SUPPLIED ENTRIES —

Lemma cint_le0_of_null u Z : F Z -> measurable_fun F u ->
  (forall x, A x -> 0 < u x -> Z x) -> mu (fun x => A x /\ Z x) = Fin 0 -> ERle (cint u) (Fin 0).
Proof.
  intros HZ Hu HuZ H0. apply int_0_inf_le0. intros t Ht. rewrite <- H0.
  apply mu_le_compat; [apply level_measurable; auto|apply (measurable_inter F HF); auto|].
  intros x [Ha Hx]; split; auto. simpl in Hx. apply HuZ; auto; lra.
Qed.

(** * The Hoelder-type inequality *)

(* The real-valued part of [x |-> 1 / w x ^ e], set to [0] where the latter is [oo]. *)
Definition inv_pow (w : X -> R) (e : R) (x : X) : R :=
  if Rle_dec (w x) 0 then 0 else / Rpower (w x) e.

Lemma inv_pow_ge0 w e x : 0 <= inv_pow w e x.
Proof.
  unfold inv_pow; destruct (Rle_dec (w x) 0); [lra|left; apply Rinv_0_lt_compat, Rpower_pos].
Qed.

Lemma inv_pow_pos w e x : 0 < w x -> Fin (inv_pow w e x) = ERinv (powR (w x) e).
Proof.
  intros Hw. unfold inv_pow, ERinv. rewrite powR_Rpower by auto.
  destruct (Rle_dec (w x) 0); [lra|].
  destruct (Req_EM_T (Rpower (w x) e) 0) as [E|E]; auto. pose proof (Rpower_pos (w x) e); lra.
Qed.

Lemma ERinv_powR_nonpos r e : r <= 0 -> ERinv (powR r e) = Inf.
Proof.
  intros Hr. rewrite powR_nonpos by auto. unfold ERinv. destruct (Req_EM_T 0 0); auto; lra.
Qed.

Lemma inv_pow_le w e x : ERle (Fin (inv_pow w e x)) (ERinv (powR (w x) e)).
Proof.
  destruct (Rle_dec (w x) 0) as [Hw|Hw].
  - rewrite ERinv_powR_nonpos by auto. apply ERle_Inf.
  - rewrite inv_pow_pos by lra. apply ERle_refl.
Qed.

Lemma inv_pow_ge_iff w e t x : 0 < e -> 0 < t -> 0 < w x ->
  (t <= inv_pow w e x <-> w x <= Rpower (/ t) (/ e)).
Proof.
  intros He Ht Hw. unfold inv_pow. destruct (Rle_dec (w x) 0); [lra|].
  apply Rpower_le_inv_iff; auto.
Qed.

Lemma inv_pow_measurable w e : 0 < e -> measurable_fun F w -> measurable_fun F (inv_pow w e).
Proof.
  intros He Hw t. destruct (Rle_dec t 0) as [Ht|Ht].
  - eapply (measurable_ext F); [apply (measurable_full F HF)|].
    intros x; split; auto; intros _; pose proof (inv_pow_ge0 w e x); lra.
  - eapply (measurable_ext F).
    + apply (measurable_inter F HF (fun x => 0 < w x) (fun x => w x <= Rpower (/ t) (/ e)));
        [apply measurable_fun_gt|apply measurable_fun_le]; auto.
    + intros x. destruct (Rle_dec (w x) 0) as [Hwx|Hwx].
      * unfold inv_pow. destruct (Rle_dec (w x) 0); [|lra]. split; [intros [H _]|intros H]; lra.
      * rewrite inv_pow_ge_iff by lra. split; [intros [_ H]; auto|intros H; split; auto; lra].
Qed.

Lemma ERinv_powR_level_measurable w e t : 0 < e -> 0 < t -> measurable_fun F w ->
  F (fun x => A x /\ ERle (Fin t) (ERinv (powR (w x) e))).
Proof.
  intros He Ht Hw. eapply (measurable_ext F).
  { apply (measurable_inter F HF A (fun x => w x <= Rpower (/ t) (/ e))); auto.
    apply (measurable_fun_le F HF); auto. }
  intros x. destruct (Rle_dec (w x) 0) as [Hwx|Hwx].
  - rewrite ERinv_powR_nonpos by auto. simpl.
    pose proof (Rpower_pos (/ t) (/ e)). split; intros [Ha Hx]; split; auto; lra.
  - rewrite <- inv_pow_pos, <- (inv_pow_ge_iff w e t) by lra. simpl. tauto.
Qed.

Lemma choquet_inv_pow_ge w e : 0 < e -> measurable_fun F w ->
  ERle (cint (inv_pow w e)) (choquet mu A (fun x => ERinv (powR (w x) e))).
Proof.
  intros He Hw. apply choquet_le_compat.
  - intros; apply level_measurable, inv_pow_measurable; auto.
  - intros; apply ERinv_powR_level_measurable; auto.
  - intros; apply inv_pow_le.
Qed.

Lemma choquet_inv_pow_eq w e : (forall x, 0 < w x) ->
  choquet mu A (fun x => ERinv (powR (w x) e)) = cint (inv_pow w e).
Proof.
  intros Hw. unfold cint. f_equal. apply functional_extensionality; intros x.
  rewrite inv_pow_pos; auto.
Qed.

Lemma choquet_inv_pow_finite_null w e be : 0 < e -> measurable_fun F w ->
  choquet mu A (fun x => ERinv (powR (w x) e)) = Fin be -> mu (fun x => A x /\ w x <= 0) = Fin 0.
Proof.
  intros He Hw Hbe. set (Z := fun x => A x /\ w x <= 0).
  assert (HZ : F Z) by (apply (measurable_inter F HF); auto; apply measurable_fun_le; auto).
  assert (Hbound : forall t, 0 < t -> ERle (ERmulR t (mu Z)) (Fin be)).
  { intros t Ht. rewrite <- Hbe. eapply ERle_trans;
      [|apply (int_0_inf_ge_rect (fun t => mu (fun x => A x /\ ERle (Fin t) (ERinv (powR (w x) e)))) t Ht)].
    apply ERmulR_le_compat; [lra|]. apply mu_le_compat; auto; [apply ERinv_powR_level_measurable; auto|].
    intros x [Ha Hx]; split; auto. rewrite ERinv_powR_nonpos by auto. apply ERle_Inf. }
  pose proof (mu_ge0 Z HZ) as H0.
  destruct (mu Z) as [z|] eqn:Ez.
  2:{ specialize (Hbound 1 ltac:(lra)). rewrite ERmulR_Inf in Hbound by lra. contradiction. }
  simpl in H0. f_equal. destruct H0 as [Hz|Hz]; auto. exfalso.
  specialize (Hbound ((Rabs be + 1) / z) ltac:(apply Rdiv_lt_0_compat; auto; pose proof (Rabs_pos be); lra)).
  simpl in Hbound. field_simplify in Hbound; [|lra]. pose proof (Rle_abs be). lra.
Qed.

Definition on_nonpos (w u : X -> R) (x : X) : R := if Rle_dec (w x) 0 then u x else 0.

Lemma on_nonpos_measurable w u : measurable_fun F w -> measurable_fun F u ->
  (forall x, 0 <= u x) -> measurable_fun F (on_nonpos w u).
Proof.
  intros Hw Hu Hu0 t. unfold on_nonpos. destruct (Rle_dec t 0) as [Ht|Ht].
  - eapply (measurable_ext F); [apply (measurable_full F HF)|]. intros x; split; auto; intros _.
    pose proof (Hu0 x). destruct (Rle_dec (w x) 0); lra.
  - eapply (measurable_ext F).
    + apply (measurable_inter F HF (fun x => w x <= 0) (fun x => t <= u x)); auto.
      apply (measurable_fun_le F HF); auto.
    + intros x. destruct (Rle_dec (w x) 0); split; intros; try tauto; lra.
Qed.

Lemma cint_on_nonpos_null w u : measurable_fun F w -> measurable_fun F u ->
  (forall x, 0 <= u x) -> mu (fun x => A x /\ w x <= 0) = Fin 0 ->
  ERle (cint (on_nonpos w u)) (Fin 0).
Proof.
  intros Hw Hu Hu0 Hnull. apply (cint_le0_of_null _ (fun x => w x <= 0)); auto.
  - apply (measurable_fun_le F HF); auto.
  - apply on_nonpos_measurable; auto.
  - intros x _. unfold on_nonpos. destruct (Rle_dec (w x) 0); auto; lra.
Qed.

Section Hoelder.

Variables (p q : R) (f g h : X -> R) (a b : R).
Hypothesis Hp : 1 < p.
Hypothesis Hconj : / p + / q = 1.
Hypotheses (Hf : measurable_fun F f) (Hg : measurable_fun F g) (Hh : measurable_fun F h).
Hypotheses (Hf0 : forall x, 0 <= f x) (Hg0 : forall x, 0 <= g x) (Hh0 : forall x, 0 <= h x).
Hypotheses (Ha : cint (fun x => g x * powR (f x) p) = Fin a) (Ha0 : 0 < a).
Hypotheses (Hb : cint (fun x => h x * powR (f x) p) = Fin b) (Hb0 : 0 < b).

Lemma weighted_power_measurable (k : X -> R) : measurable_fun F k -> (forall x, 0 <= k x) ->
  measurable_fun F (fun x => k x * powR (f x) p).
Proof.
  intros Hk Hk0. apply measurable_fun_mult; auto; [apply measurable_fun_powR; auto; lra|].
  intros; apply powR_ge0.
Qed.

Lemma weight_measurable : measurable_fun F (fun x => b * g x + a * h x).
Proof.
  apply measurable_fun_plus; try apply measurable_fun_scal; auto; try lra.
  intros; apply Rmult_le_pos; auto; lra.
Qed.

Lemma weighted_sum_measurable :
  measurable_fun F (fun x => b * (g x * powR (f x) p) + a * (h x * powR (f x) p)) /\
  forall x, 0 <= b * (g x * powR (f x) p) + a * (h x * powR (f x) p).
Proof.
  assert (Hgp0 : forall x, 0 <= g x * powR (f x) p) by (intros; apply Rmult_le_pos; auto; apply powR_ge0).
  assert (Hhp0 : forall x, 0 <= h x * powR (f x) p) by (intros; apply Rmult_le_pos; auto; apply powR_ge0).
  split.
  - apply measurable_fun_plus; try apply measurable_fun_scal; try apply weighted_power_measurable;
      auto; try lra. intros; apply Rmult_le_pos; auto; lra.
  - intros x. specialize (Hgp0 x); specialize (Hhp0 x). nra.
Qed.

Lemma cint_weighted_sum_le : submodular F mu ->
  ERle (cint (fun x => b * (g x * powR (f x) p) + a * (h x * powR (f x) p))) (Fin (2 * (a * b))).
Proof.
  intros Hs. eapply ERle_trans.
  - apply cint_lincomb_le; auto; try apply weighted_power_measurable; auto;
      intros; apply Rmult_le_pos; auto; apply powR_ge0.
  - rewrite Ha, Hb. simpl. lra.
Qed.

Lemma young_pointwise s x : 0 < s ->
  f x <= s / p * (b * (g x * powR (f x) p) + a * (h x * powR (f x) p)) +
         Rpower s (1 - q) / q * inv_pow (fun x => b * g x + a * h x) (q - 1) x +
         on_nonpos (fun x => b * g x + a * h x) f x.
Proof.
  intros Hs. destruct (conjugate_exponent p q Hp Hconj) as [Hip Hq].
  assert (0 <= g x * powR (f x) p) by (apply Rmult_le_pos; auto; apply powR_ge0).
  assert (0 <= h x * powR (f x) p) by (apply Rmult_le_pos; auto; apply powR_ge0).
  unfold on_nonpos, inv_pow. destruct (Rle_dec (b * g x + a * h x) 0) as [Hw|Hw].
  - assert (0 <= s / p * (b * (g x * powR (f x) p) + a * (h x * powR (f x) p))).
    { apply Rmult_le_pos; [apply Rmult_le_pos; lra|nra]. }
    lra.
  - rewrite Rplus_0_r.
    replace (b * (g x * powR (f x) p) + a * (h x * powR (f x) p))
      with ((b * g x + a * h x) * powR (f x) p) by ring.
    apply young_scaled; auto; lra.
Qed.

Lemma cint_young_bound be s : submodular F mu ->
  choquet mu A (fun x => ERinv (powR (b * g x + a * h x) (q - 1))) = Fin be -> 0 < s ->
  ERle (cint f) (Fin (s / p * (2 * (a * b)) + Rpower s (1 - q) / q * be)).
Proof.
  intros Hs Hbe Hs0. destruct (conjugate_exponent p q Hp Hconj) as [Hip Hq].
  set (w := fun x => b * g x + a * h x) in Hbe |- *.
  assert (Hw := weight_measurable).
  set (c1 := s / p). set (c2 := Rpower s (1 - q) / q).
  assert (Hc1 : 0 < c1) by (apply Rdiv_lt_0_compat; lra).
  assert (Hc2 : 0 < c2) by (apply Rdiv_lt_0_compat; [apply Rpower_pos|lra]).
  assert (HWb := cint_weighted_sum_le Hs).
  set (W := fun x => b * (g x * powR (f x) p) + a * (h x * powR (f x) p)) in *.
  assert (HW : measurable_fun F W) by apply weighted_sum_measurable.
  assert (HW0 : forall x, 0 <= W x) by apply weighted_sum_measurable.
  set (r := inv_pow w (q - 1)).
  assert (Hr : measurable_fun F r) by (apply inv_pow_measurable; auto; lra).
  assert (Hrb : ERle (cint r) (Fin be)) by (rewrite <- Hbe; apply choquet_inv_pow_ge; auto; lra).
  assert (Hz0 : ERle (cint (on_nonpos w f)) (Fin 0)).
  { apply cint_on_nonpos_null; auto. apply (choquet_inv_pow_finite_null w (q - 1) be); auto; lra. }
  assert (HY : measurable_fun F (fun x => c1 * W x + c2 * r x))
    by (apply (measurable_fun_plus F HF); try (apply (measurable_fun_scal F HF); auto; lra);
        intros; apply Rmult_le_pos; auto; lra).
  assert (HY0 : forall x, 0 <= c1 * W x + c2 * r x)
    by (intros; apply Rplus_le_le_0_compat; apply Rmult_le_pos; auto; try lra; apply inv_pow_ge0).
  eapply ERle_trans.
  { apply (cint_le_compat f (fun x => (c1 * W x + c2 * r x) + on_nonpos w f x) Hf);
      [apply measurable_fun_plus; auto; apply on_nonpos_measurable; auto|].
    intros x _; apply young_pointwise; auto. }
  eapply ERle_trans; [apply cint_plus_le; auto|].
  { apply on_nonpos_measurable; auto. }
  { intros x; unfold on_nonpos; destruct (Rle_dec (w x) 0); auto; lra. }
  apply (ERle_trans _ (ERadd (ERadd (Fin (c1 * (2 * (a * b)))) (Fin (c2 * be))) (Fin 0)));
    [|simpl; lra].
  apply ERadd_le_compat; auto.
  eapply ERle_trans; [apply cint_lincomb_le; auto; apply inv_pow_ge0|].
  apply ERadd_le_compat; apply ERmulR_le_compat with (v := Fin _); auto; lra.
Qed.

DESCRIPTION OF THE TASK — Search the records for the string "ltac" and, wherever a line contains it, please copy that line.

ANSWER BELOW —
  2:{ specialize (Hbound 1 ltac:(lra)). rewrite ERmulR_Inf in Hbound by lra. contradiction. }
  specialize (Hbound ((Rabs be + 1) / z) ltac:(apply Rdiv_lt_0_compat; auto; pose proof (Rabs_pos be); lra)).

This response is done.